MINNEAPOLIS (AP) - Getting into the Minnesota Vikings’ glitzy new stadium will come at a high cost for some fans: an average of $2,500 for the right to buy a season ticket in the new building.
The ticket licenses cover three-quarters of the building’s 65,000 seats, the Minnesota Sports Facilities Authority revealed Thursday. They’re a key part of two agreements that won quick approval from the public authority. One covers how the stadium will be financed and built, the other how operating costs and revenue will be split over a 30-year lease.
State taxpayers are paying $348 million toward the nearly billion-dollar stadium, with the city of Minneapolis putting up $150 million. The Vikings are responsible for $477 million.
The seat licenses are expected to generate $100 million toward the Vikings’ share of building costs. They will range in price from as low as $500 to $10,000, with choice seats at the higher end. Fans will have three years to pay the cost without interest. If they need longer, they can take up to five more years but will have to pay interest.
The agreements don’t cap what the Vikings can charge for tickets. They must make available 3,250 “affordable” tickets for each game, but the agreement leaves it unclear what those will cost.
The potential cost of the seat licenses was a flashpoint as the agreements were negotiated, with Gov. Mark Dayton warning the team against excessive fees for what he had billed as a “people’s stadium.”
The authority said Minnesota’s seat license program would cost fans less overall than those in other NFL markets. They pointed to recent stadium deals in Dallas, New York and San Francisco that all raised $400 million or more through the license sales.
“I can safely assume that for most Minnesotans this will look like a questionable deal because the economics of professional sports are highly questionable all over this country,” Dayton said Thursday.
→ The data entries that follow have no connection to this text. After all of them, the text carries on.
Lemma numerators_bounds x : 0 <= x <= 1 ->
  0 <= x ^ 2 - x ^ 4 / 3 <= 1 /\ 0 <= x - x ^ 3 / 3 <= 1.
Proof. intros hx. assert (0 <= x ^ 2 <= 1) by nra. split; split; nra. Qed.

Lemma fBr_nonneg r x : 0 <= x < 1 -> 0 <= fBr r x.
Proof.
  intros hx. destruct (numerators_bounds x) as [[hn _] _]; [lra |].
  assert (0 < 1 - x ^ 2) by nra. assert (0 <= r ^ 2 * (1 - x ^ 2)) by nra.
  apply Rle_mult_inv_pos; nra.
Qed.

Lemma fBr_le_E_sq L r x : 0 <= x <= L / E L -> fBr r x <= E L ^ 2.
Proof.
  intros hx. pose proof (div_E_lt_1 L). pose proof (E_pos L). pose proof (E_sq L).
  destruct (numerators_bounds x) as [[_ hn] _]; [lra |].
  assert (hxE : x * E L <= L / E L * E L) by (apply Rmult_le_compat_r; lra).
  replace (L / E L * E L) with L in hxE by (field; lra).
  assert ((x * E L) ^ 2 <= L ^ 2) by (apply pow_incr; nra).
  assert (1 <= E L ^ 2 * (1 - x ^ 2)) by nra.
  assert (0 < 1 - x ^ 2) by nra. assert (0 <= r ^ 2 * (1 - x ^ 2)) by nra.
  unfold fBr. apply Rdiv_le_of_le_mul; nra.
Qed.

Lemma fBr_le_pole r x : r <> 0 -> 0 <= x < 1 -> fBr r x <= 4 / r ^ 2 / (1 - x) ^ 2.
Proof.
  intros hr hx. destruct (numerators_bounds x) as [[_ hn] _]; [lra |].
  assert (hr2 : 0 < r ^ 2) by (pose proof (pow2_ge_0 r); pose proof (pow_nonzero r 2 hr); lra).
  assert (hd : 0 < r ^ 2 * (1 - x) ^ 2) by (apply Rmult_lt_0_compat; [| apply pow_lt]; lra).
  assert (hq : 4 / (r ^ 2 * (1 - x) ^ 2) * (r ^ 2 * (1 - x) ^ 2 / 4) = 1) by (field; lra).
  assert (r ^ 2 * (1 - x) ^ 2 / 4 <= (1 - x ^ 2) * (1 + r ^ 2 * (1 - x ^ 2) / 4)).
  { assert ((1 - x) ^ 2 <= (1 - x ^ 2) ^ 2) by (apply pow_incr; nra). nra. }
  assert (0 < 4 / (r ^ 2 * (1 - x) ^ 2)) by (apply Rdiv_lt_0_compat; lra).
  replace (4 / r ^ 2 / (1 - x) ^ 2) with (4 / (r ^ 2 * (1 - x) ^ 2)) by (field; lra).
  unfold fBr. apply Rdiv_le_of_le_mul; nra.
Qed.

Lemma fU_bounds r x : 0 <= x <= 1 -> 0 <= fU r x <= 1.
Proof.
  intros hx. destruct (numerators_bounds x) as [hn _]; [lra |].
  assert (0 <= r ^ 2 * (1 - x ^ 2)) by (apply Rmult_le_pos; [apply pow2_ge_0 | nra]).
  unfold fU. split.
  - apply Rle_mult_inv_pos; lra.
  - apply Rdiv_le_of_le_mul; lra.
Qed.

Lemma gBr_bounds L r x : 0 <= r -> 0 <= x <= 1 -> r * x <= E L ->
  0 <= gBr L r x <= 2 / E L.
Proof.
  intros hr hx hrx. pose proof (E_pos L). destruct (numerators_bounds x) as [_ hn]; [lra |].
  unfold gBr. split.
  - apply Rle_mult_inv_pos; lra.
  - apply Rdiv_le_of_le_mul; [lra |].
    replace (2 / E L * (E L - r * x / 2)) with (2 - r * x / E L) by (field; lra).
    assert (r * x / E L <= 1) by (apply Rdiv_le_of_le_mul; lra). lra.
Qed.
He called the stadium “a magnet” for further economic development.
“We had to make a deal. We had to get the owners of the team to agree to a deal,” he said.
Authority chairwoman Michele Kelm-Helgen said the seat license was the final issue in reaching contract agreements. She said Minnesota’s approach would differ from those implemented in other cities, but she still expected a backlash.
“Having a program in and of itself is going to make a lot of people angry,” she acknowledged. But she said the cost is lower than what the Vikings had sought and if the sales program falls short of expectations the Vikings would be on the hook.
Lester Bagley, a Vikings vice president, said the team was pleased with the agreements that emerged from “hardnosed” negotiations.
These are “significant milestones,” Bagley said. “Now we can move forward to construction, breaking ground.”
Team officials said fan surveys show most loyal ticketholders would have been willing to pay even more for the seat licenses.
In addition to the seat licenses, the Vikings are also tapping into an NFL loan program for $200 million. The team’s owners will cover the remaining costs through borrowing and through a $100 million cash contribution. They might be able to recoup costs in part with annual naming rights revenue. A naming rights deal hasn’t been announced.
The agreements bind the team to a lease of 30 years or more. Once the stadium opens, Kelm-Helgen said the team will pay the authority $8.5 million in annual rent and put $1.5 million into a capital improvement fund each year, with both payments rising over time.
The authority will keep concession revenue from nonfootball events as well as any money that comes in from stadium tours. In Dallas, hundreds of thousands of fans have paid $20 each to tour that new stadium.
Seat licenses _ known as charter ownership agreements in some cities _ began taking off with sports stadium construction in the mid-1990s. They’ve become particularly rooted with NFL teams; more than a dozen of the league’s 32 teams have them in some form already.
The seat licenses become the property of the purchaser, allowing fans to sell the rights when they no longer want season tickets. The resale market can be lucrative. In Pittsburgh, for instance, fans who bought a seat license for a stadium that opened in 1998 averaged a roughly nine-fold return when selling it a decade later, according to online seat license broker STL Marketplace. But in cities where the team has struggled, Tennessee and St. Louis among them, fans have suffered losses when they have tried to dump their licenses.
The pair of Minnesota stadium agreements is part of a fall ramp-up for the project. By next month, the state hopes to select banks that will facilitate a bond sale to pay construction costs.
In early November, Vikings owners and politicians expect to gather for a ceremonial groundbreaking and significant construction will begin within weeks.
The Vikings are playing their final season at the 32-year-old Metrodome. They’ll move to the University of Minnesota’s on-campus stadium for a couple of seasons. If all goes as planned, their new stadium will open on the old Metrodome site in time for the 2016 season.
Critics of the project aren’t going quietly.
In a public comment period after the contracts were approved, the authority got an earful from stadium opponents who said taxpayers were getting a raw deal. One of them, Jeff Wagner, threw his shoes on a table and left them there.
“You can keep my shoes because basically you are just stealing from the people,” said Wagner, one of 35 fall candidates for Minneapolis mayor.